I regretted that, of course, the way you do. Not enough to call him over the next few days, but enough to keep the phone charged up and close at hand. It was still and silent all week, until the Saturday. Saturday evening, when for him we should have been out at sea already, watching the stars appear and hoping for the Northern Lights; when in fact I was in my bedroom, trying to decide what to wear.

I was running late already, I didn’t want another confrontation; it was my turn to be resentful, that he should try to elbow his way into my evening. I threw the phone onto the bed, and ignored it.

It rang three or four times, in the half-hour that I took to get ready. That felt deliberately intrusive. When I went out, I deliberately left the phone behind.

And had a good, a very good time, and so I guess did she. At all events, she came back home with me. I left her in the living room with Miles Davis and the Macallan, while I made that traditional hasty scour of the bedroom, changing the sheets and hiding what else must be hidden.

And there was the phone, and the screen showed half a dozen calls from Matthew; and I suppose this was part of the scouring, to sit on the bed and listen, not to leave unfinished business hanging over what lay between here and morning.

Half a dozen calls, but only one message on the voicemail. He sounded faint and frightened, far away. He said, “I’m sorry, skipper. Really, I am. I was, I was angry with you, and I thought I could manage her on my own. I didn’t mean to come this far. I don’t know what happened, I got too close and I couldn’t see the rocks but I don’t think she hit anything, she just turned over. I’m, I’m up under the hull and I can’t get out. I called for help, I tried to call you and then I called my grandad, and he told the coastguard. I think I heard a helicopter one time, but I guess it didn’t see us. It’s gone now. And my battery’s going, and then it’s going to be all dark in here, and I’m so cold already, I can’t keep my legs out of the water and I don’t, I don’t think anyone’s going to come…”

 

They didn’t find Sophonisba till the morning, drifting keel-up off the Silences. They never found Matthew at all. His body should have been there, trapped inside the yacht’s hull, but it wasn’t. Perhaps he tried to swim out, in the end. They say that bodies are seldom recovered from the rocks there, something in the current holds them under.

It doesn’t matter much to me, where his body is. He won’t need that again.

Nor do I think the rocks have him, in any sense that matters. Rocks have no reach, no stretch beyond themselves. All their strength looks inward.

I looked for Matthew on my boat, when they gave her back to me. That they couldn’t find him, didn’t mean he wasn’t there. I even sailed her, when she was fit for it, back up to the Silences. I called his name into the wind, but he didn’t show. Why would he?

I sold the boat, in the end. She had nowhere left to take me; and I didn’t lose Matthew, in losing her. I take him with me, everywhere I go.

I still keep the phone charged up, as he told me to. I keep it in my pocket, mostly. Always set to vibrate, to silent mode. That way it needn’t disturb anyone but me, in the Silence Room or elsewhere, anywhere.

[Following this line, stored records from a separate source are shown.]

(* Let $f$ be a real ternary cubic form ($r=3$) and let $g$ be the AMWP metric of $f$ on $\mathbb{R}^3+iW$. Write $f_{ikp}=\partial^3 f/\partial y_i\partial y_k\partial y_p$ (constants). Let $(g^{p\bar q})$ be the inverse matrix of $(g_{i\bar j})$. Then at every point of $\mathbb{R}^3+iW$ and for all $i,j,k,l\in\{1,2,3\}$, $$R_{i\bar jk\bar l}=g_{i\bar j}g_{k\bar l}+g_{i\bar l}g_{k\bar j}-\sum_{p,q}\frac{g^{p\bar q}f_{ikp}f_{jlq}}{64\,f(y)^2}.$$
   Context: Let $f(y_1,\dots,y_r)$ be a real cubic form on $\mathbb{R}^r$. Its index cone $W$ is the open cone of $y$ with $f(y)>0$ at which the Hessian $(\partial^2f/\partial y_i\partial y_j)(y)$ has signature $(1,r-1)$. On $\mathbb{R}^r+iW\subset\mathbb{C}^r$, with coordinates $t_j=x_j+iy_j$, the AMWP metric of $f$ is the Kähler metric with potential $K_0=-\log f(y)$. Thus $g_{i\bar j}=\partial^2K_0/\partial t_i\partial\bar t_j=-\tfrac14\partial^2\log f/\partial y_i\partial y_j$. Its curvature tensor is $$R_{i\bar jk\bar l}=\frac{\partial^2 g_{i\bar j}}{\partial t_k\partial\bar t_l}-\sum_{d,e}g^{\bar e d}\frac{\partial g_{i\bar e}}{\partial t_k}\frac{\partial g_{\bar j d}}{\partial\bar t_l},$$ where $(g^{\bar e d})$ is the inverse of $(g_{i\bar j})$. *)

From Stdlib Require Import Reals ClassicalEpsilon.
Open Scope R_scope.

(* Points of R^3 are represented as functions nat -> R (only indices 0,1,2 matter). *)
Definition vec := nat -> R.

Definition upd (y : vec) (i : nat) (s : R) : vec :=
  fun j => if Nat.eqb j i then y j + s else y j.

(* Partial derivative d F / d y_i at y (the unique limit, when it exists). *)
Definition pd (F : vec -> R) (i : nat) (y : vec) : R :=
  epsilon (inhabits 0) (fun l => derivable_pt_lim (fun s => F (upd y i s)) 0 l).

Definition sum3 (F : nat -> R) : R := F 0%nat + F 1%nat + F 2%nat.

(* Complex numbers as pairs (Re, Im). *)
Definition Cx := (R * R)%type.
Definition RtoC (a : R) : Cx := (a, 0).
Definition Cadd (z w : Cx) : Cx := (fst z + fst w, snd z + snd w).
Definition Csub (z w : Cx) : Cx := (fst z - fst w, snd z - snd w).
Definition Cmul (z w : Cx) : Cx :=
  (fst z * fst w - snd z * snd w, fst z * snd w + snd z * fst w).
Definition Csum3 (F : nat -> Cx) : Cx := Cadd (Cadd (F 0%nat) (F 1%nat)) (F 2%nat).
Definition Cdelta (i j : nat) : Cx := if Nat.eqb i j then (1, 0) else (0, 0).

(* Functions on C^3 = R^3 + i R^3, point t = x + i y, complex valued. *)
Definition cfun := vec -> vec -> Cx.

Definition pdx (F : cfun) (k : nat) (x y : vec) : Cx :=
  (pd (fun x' => fst (F x' y)) k x, pd (fun x' => snd (F x' y)) k x).
Definition pdy (F : cfun) (k : nat) (x y : vec) : Cx :=
  (pd (fun y' => fst (F x y')) k y, pd (fun y' => snd (F x y')) k y).

(* Wirtinger derivatives: d/dt_k = 1/2 (d/dx_k - i d/dy_k),
   d/d(conj t_k) = 1/2 (d/dx_k + i d/dy_k). *)
Definition dt (F : cfun) (k : nat) : cfun := fun x y =>
  let a := pdx F k x y in let b := pdy F k x y in
  ((fst a + snd b) / 2, (snd a - fst b) / 2).
Definition dtb (F : cfun) (k : nat) : cfun := fun x y =>
  let a := pdx F k x y in let b := pdy F k x y in
  ((fst a - snd b) / 2, (snd a + fst b) / 2).

Definition cubic (c : nat -> nat -> nat -> R) (y : vec) : R :=
  sum3 (fun a => sum3 (fun b => sum3 (fun d => c a b d * y a * y b * y d))).

Definition hess (f : vec -> R) (y : vec) (a b : nat) : R :=
  pd (fun z => pd f b z) a y.

Definition det3 (P : nat -> nat -> R) : R :=
  P 0%nat 0%nat * (P 1%nat 1%nat * P 2%nat 2%nat - P 1%nat 2%nat * P 2%nat 1%nat)
  - P 0%nat 1%nat * (P 1%nat 0%nat * P 2%nat 2%nat - P 1%nat 2%nat * P 2%nat 0%nat)
  + P 0%nat 2%nat * (P 1%nat 0%nat * P 2%nat 1%nat - P 1%nat 1%nat * P 2%nat 0%nat).

Definition diag_1_m1_m1 (a b : nat) : R :=
  if Nat.eqb a b then (if Nat.eqb a 0 then 1 else -1) else 0.

(* Symmetric real 3x3 matrix M has signature (1,2): it is congruent
   (Sylvester) to diag(1,-1,-1). *)
Definition signature_1_2 (M : nat -> nat -> R) : Prop :=
  exists P : nat -> nat -> R, det3 P <> 0 /\
    forall a b, (a < 3)%nat -> (b < 3)%nat ->
      sum3 (fun m => sum3 (fun n => P m a * M m n * P n b)) = diag_1_m1_m1 a b.

Definition in_index_cone (f : vec -> R) (y : vec) : Prop :=
  f y > 0 /\ signature_1_2 (hess f y).

Definition K0 (f : vec -> R) : cfun := fun x y => RtoC (- ln (f y)).
Definition gmet (f : vec -> R) (i j : nat) : cfun := dt (dtb (K0 f) j) i.

(* Curvature R_{i jbar k lbar} at (x,y), where Hinv e d = g^{ebar d}
   is the inverse matrix of (g_{i jbar}). *)
Definition curv (f : vec -> R) (Hinv : nat -> nat -> Cx) (i j k l : nat) (x y : vec) : Cx :=
  Csub (dt (dtb (gmet f i j) l) k x y)
       (Csum3 (fun d => Csum3 (fun e =>
          Cmul (Hinv e d) (Cmul (dt (gmet f i e) k x y) (dtb (gmet f d j) l x y))))).

Definition f3 (f : vec -> R) (i k p : nat) (y : vec) : R :=
  pd (fun z => pd (fun w => pd f p w) k z) i y.

From Stdlib Require Import Reals Lra Lia ClassicalEpsilon FunctionalExtensionality.
From Coquelicot Require Import Hierarchy Derive AutoDerive.
Open Scope R_scope.

(* Put phi = - log f.  Every object on the tube R^3 + iW depends on y only, and for an
   x-independent function the Wirtinger derivatives are d/dt_k = -(i/2) d/dy_k and
   d/d(conj t_k) = (i/2) d/dy_k.  Hence g_ij = phi_ij / 4, d_k g_ie = -(i/8) phi_iek,
   d_lbar g_dj = (i/8) phi_djl and d_k d_lbar g_ij = phi_ijlk / 16, so that, with G the
   inverse of H = (phi_ab), the curvature is (phi_ijlk - sum G_ed phi_iek phi_djl) / 16.
   With P_a = f_a / f and r_abc = f_abc / f, the derivatives of phi are explicit polynomials
   in P, H and r (since f_abcd = 0), and homogeneity of f gives the Euler relations
   sum_m H_am y_m = P_a, sum_m r_abm y_m = P_a P_b - H_ab and sum_m P_m y_m = 3.
   Contracting twice with G by means of these relations reduces the claim to a polynomial
   identity in P, H and r. *)

Definition kron (i j : nat) : R := if Nat.eqb i j then 1 else 0.

Lemma sum3_ext (F G : nat -> R) :
  (forall e, (e < 3)%nat -> F e = G e) -> sum3 F = sum3 G.
Proof. intro E; unfold sum3; rewrite !E by lia; reflexivity. Qed.

Lemma sum3_kron_l (i : nat) (X : nat -> R) :
  (i < 3)%nat -> sum3 (fun d => kron i d * X d) = X i.
Proof. intro Hi; destruct i as [|[|[|]]]; try lia; unfold sum3, kron; simpl; ring. Qed.

Lemma sum3_kron_r (i : nat) (X : nat -> R) :
  (i < 3)%nat -> sum3 (fun d => kron d i * X d) = X i.
Proof. intro Hi; destruct i as [|[|[|]]]; try lia; unfold sum3, kron; simpl; ring. Qed.

(* The third and fourth derivatives of phi = - log f, written through
   P_a = f_a / f, H_ab = phi_ab and r_abk = f_abk / f: since d_k P_a = - H_ak,
   d_k H_ab = pot3 a b k and d_l r_abk = - r_abk P_l, differentiating pot3 gives pot4. *)
Definition pot3 (P : nat -> R) (H : nat -> nat -> R) (r : nat -> nat -> nat -> R)
  (a b k : nat) : R :=
  - r a b k + P a * P b * P k - H a b * P k - H a k * P b - H b k * P a.

Definition pot4 (P : nat -> R) (H : nat -> nat -> R) (r : nat -> nat -> nat -> R)
  (a b k l : nat) : R :=
  r a b k * P l - (H a l * P b * P k + P a * H b l * P k + P a * P b * H k l)
  - (pot3 P H r a b l * P k - H a b * H k l)
  - (pot3 P H r a k l * P b - H a k * H b l)
  - (pot3 P H r b k l * P a - H b k * H a l).

Section TubeIdentity.

Variables (P : nat -> R) (H : nat -> nat -> R) (r : nat -> nat -> nat -> R)
  (G : nat -> nat -> R) (y : vec).

Hypothesis H_sym : forall a b, H a b = H b a.
Hypothesis r_sym12 : forall a b d, r a b d = r b a d.
Hypothesis r_sym23 : forall a b d, r a b d = r a d b.
Hypothesis H_G : forall i d, (i < 3)%nat -> (d < 3)%nat ->
  sum3 (fun e => H i e * G e d) = kron i d.
Hypothesis euler_P : forall a, sum3 (fun m => H a m * y m) = P a.
Hypothesis euler_r : forall a b, sum3 (fun m => r a b m * y m) = P a * P b - H a b.
Hypothesis euler_deg : sum3 (fun m => P m * y m) = 3.

Lemma G_sym e d : (e < 3)%nat -> (d < 3)%nat -> G e d = G d e.
Proof.
  intros He Hd.
  transitivity (sum3 (fun m => kron m e * G m d));
    [symmetry; apply (sum3_kron_r e (fun m => G m d)), He|].
  transitivity (sum3 (fun n => G n e * sum3 (fun m => H n m * G m d))).
  - transitivity (sum3 (fun m => sum3 (fun n => H m n * G n e) * G m d)).
    + apply sum3_ext; intros m Hm; rewrite H_G by assumption; reflexivity.
    + unfold sum3; rewrite (H_sym 1 0), (H_sym 2 0), (H_sym 2 1); ring.
  - rewrite <- (sum3_kron_r d (fun n => G n e)) by exact Hd.
    apply sum3_ext; intros n Hn; rewrite H_G by assumption; ring.
Qed.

Mostly, it keeps silent on its own account. Sometimes, though, quite often, it does shiver into life; and I do answer it, every time. At night, I keep it beneath my pillow and I sleep alone, so that if it wakes me, I can pick it up.

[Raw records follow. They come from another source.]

(* Fix a calendar time $t$ and a cutoff $T^*>0$. Assume (Adjusted Assumption 1) $\phi(u)=\beta_{T^*}$ for all $u\ge T^*$, for some constant $\beta_{T^*}$; and (Adjusted Assumption 2) $f_t(t-u)=f_t(t)$ for all $u\in[0,T^*]$, where $f_t(s)$ is the conditional density at $s$ of $T$ given $\{T\le t,A(t)=1\}$. Let $\Omega_{T^*}=\int_0^{T^*}\phi(u)\,du$ and assume $\Omega_{T^*}-\beta_{T^*}T^*\neq0$, $p(t)<1$, and $p$ continuous. Then $$P_{rec}(t)=(\Omega_{T^*}-\beta_{T^*}T^* )\,\lambda(t)\{1-p(t)\}+p(t)\beta_{T^*},\qquad\text{i.e.}\qquad \lambda(t)=\frac{P_{rec}(t)-\beta_{T^*}p(t)}{\{1-p(t)\}(\Omega_{T^*}-\beta_{T^*}T^* )}.$$ (Consequently the adjusted estimator $\tilde\lambda=(N_{rec}-N_{pos}\hat\beta_{T^*})/\{N_{neg}(\hat\Omega_{T^*}-\hat\beta_{T^*}T^* )\}$ is the plug-in estimator of $\lambda(t)$.)
   Context: $T$ is the (calendar) HIV infection time of a subject, a random variable with densities as needed; $A(t)\in\{0,1\}$ indicates eligibility for the target population at calendar time $t$. Prevalence: $p(t)=\Pr(T\le t\mid A(t)=1)$. Incidence: $\lambda(t)=\lim_{dt\to0}\frac1{dt}\Pr(t\le T<t+dt\mid T\ge t, A(t)=1)$. $M$ is the biomarker value of a recency test and $\mathcal R$ a fixed ''test-recent'' region. $\phi(u)=\Pr(M\in\mathcal R\mid T=t-u, A(t)=1)$ for $u\ge0$, assumed not to depend on $t$. $P_{rec}(t)=\Pr(M\in\mathcal R, T\le t\mid A(t)=1)$. $\Omega_{T^*}$ is the mean duration of recent infection (MDRI), $\beta_{T^*}$ the false-recent rate (FRR). $N_{rec},N_{pos},N_{neg}$ are the numbers of test-recent, HIV-positive and HIV-negative subjects in a random sample from the population eligible at $t$; hats denote estimates. *)

From HB Require Import structures.
From mathcomp Require Import all_boot all_order all_algebra.
From mathcomp Require Import all_classical all_reals all_analysis.
Set Implicit Arguments. Unset Strict Implicit. Unset Printing Implicit Defensive.
Import Order.TTheory GRing.Theory Num.Theory.
Import numFieldNormedType.Exports.
Local Open Scope classical_set_scope.
Local Open Scope ring_scope.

I’m too much of a coward to ignore it. I’m afraid that if I do, I’ll find another message on the voicemail. I don’t want that. I’d rather be here for him, every time he calls. I’d rather listen to his silence, to his listening: white noise, the hissing attention of the universe, that slow dragging pulse of nothing that—when you listen, when you wait, when you give it long enough, as I have—pounds in your head like surf over shingle, like breakers on a rock, all the surge and suck of the sea.